Xosha Roquemore (/ˈzoʊʃə ˈroʊkmɔːr/ ZOH-shə-_-ROHK-mor; born December 11, 1984) is an American actress. She is best known for her roles as Jo Ann in Precious and Tamra in The Mindy Project.

==Early life and education==
Roquemore was born in in Los Angeles. She has stated that her father learned of the existence of the Xhosa people of South Africa while directing a play about Shaka Zulu and "liked the look of [the name], but switched the h and o to make it easier [to pronounce]."

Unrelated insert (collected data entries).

Lemma C1_ball_lipschitz f x : C1 f ->
  exists del L : R, [/\ 0 < del, 0 <= L &
    forall s z, s <= del -> ball 0 s z -> `|f (x + z) - f x| <= L * s].
Proof.
move=> [f_der D_cont]; pose D i y := 'D_(evec R i) f y.
have [del del_gt0 D_le] :
    exists2 del : R, 0 < del & forall i y, ball x del y -> `|D i y| <= `|D i x| + 1.
  have : \forall y \near x, forall i, `|D i x - D i y| < 1.
    apply: (@filter_forall _ _ (fun i y => `|D i x - D i y| < 1) (nbhs x)) => i.
    exact: (cvgr_dist_lt _ _ (D_cont i x)).
  move=> /nbhs_ballP[del del_gt0 D_near]; exists del => // i y /D_near /(_ i) Dxy.
  by rewrite -[D i y](subKr (D i x)) (le_trans (ler_normB _ _)) // lerD2l ltW.
exists del, (\sum_(i < N) (`|D i x| + 1)); split => //.
  by apply: sumr_ge0 => i _; rewrite addr_ge0.
move=> s z s_le z_ball; have s_gt0 : 0 < s by case/ball_rVP: z_ball.
have step (j : 'I_N) :
    `|f (x + trunc_row z j.+1) - f (x + trunc_row z j)| <= (`|D j x| + 1) * s.
  rewrite trunc_rowS addrA.
  apply: le_trans (mvt_evec (M := `|D j x| + 1) (f_der j) _) _.
    move=> t t_le; apply: D_le; rewrite -addrA ball_rV_add.
    apply: (le_ball s_le); apply: ball_trunc_row_evec => //; apply: le_lt_trans t_le _.
    by move: z_ball => /ball_rVP[_ /(_ j)]; rewrite mxE sub0r normrN.
  by rewrite ler_wpM2l ?addr_ge0 // ltW //; move: z_ball => /ball_rVP[_ /(_ j)];
    rewrite mxE sub0r normrN.
rewrite -[in x + z](trunc_rowN z) -[in f x](addr0 x) -(trunc_row0 z).
rewrite -(telescope_sumr (fun j => f (x + trunc_row z j))) // big_mkord mulr_suml.
by apply: le_trans (ler_norm_sum _ _ _) _; apply: ler_sum => j _; apply: step.
Qed.

End C1_continuity.

Lemma C1_continuous (R : realType) (N : nat) (f : 'rV[R]_N -> R) : C1 f -> continuous f.
Proof.
move=> f_C1 x; have [del [L [del_gt0 L_ge0 f_lip]]] := C1_ball_lipschitz x f_C1.
apply/(@cvgrPdist_lt _ _ _ _ (nbhs_filter x)) => e e_gt0.
pose s := Num.min del (e / (L + 1)).
have s_gt0 : 0 < s by rewrite lt_min del_gt0 divr_gt0 // ltr_wpDl.
have sL_le : s * (L + 1) <= e by rewrite -ler_pdivlMr ?ltr_wpDl // ge_min lexx orbT.
apply/nbhs_ballP; exists s => // y xy.
have y_near : ball 0 s (y - x) by rewrite -(ball_rV_add x) subrKC.
have s_le : s <= del by rewrite ge_min lexx.
have := f_lip s _ s_le y_near; rewrite subrKC distrC => /le_lt_trans; apply.
by move: s_gt0 sL_le; nra.
Qed.

Lemma continuous_ge_half_ball (R : realType) (M : pseudoMetricType R)
    (f : M -> R) (x : M) :
  {for x, continuous f} -> 0 < f x ->
  exists2 s : R, 0 < s & forall y, ball x s y -> f x / 2 <= f y.
Proof.
move=> f_cont fx_gt0; have half_gt0 : 0 < f x / 2 by rewrite divr_gt0.
have : \forall y \near x, `|f x - f y| < f x / 2 by apply: cvgr_dist_lt.
move=> /nbhs_ballP[s s_gt0 f_near].
by exists s => // y /f_near /=; rewrite ltr_norml => /andP[_]; lra.
Qed.

Lemma sume_ge_pigeonhole (R : realType) (I : finType) (X : I -> \bar R) (a d : R) :
  a *+ #|I| < d -> (d%:E <= \sum_i X i)%E -> exists i, (a%:E <= X i)%E.
Proof.
move=> ad d_le; apply/not_existsP => X_lt; move: ad; apply/negP; rewrite -leNgt.
have X_le i : (X i <= a%:E)%E by rewrite leNgt; apply/negP => /ltW /(X_lt i).
rewrite -lee_fin (le_trans d_le) // -sumr_const -sumEFin.
by apply: lee_sum => i _.
Qed.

Roquemore began acting when she joined The Amazing Grace Conservatory, in ninth grade. After graduating from high school, she moved to New York City and graduated from the Tisch program at New York University.

==Career==
Roquemore starred in her first major film as Jo Ann in Precious. In 2013, she was cast in a recurring role on Kirstie, based on her work in the series pilot. Her role, however, was recast after she was added as a series regular to The Mindy Project after a three-episode guest star stint.

==Personal life==
Roquemore was in a relationship with actor LaKeith Stanfield in August 2015. In March 2017, the couple announced Roquemore's pregnancy. Roquemore and Stanfield broke up after the birth of their daughter.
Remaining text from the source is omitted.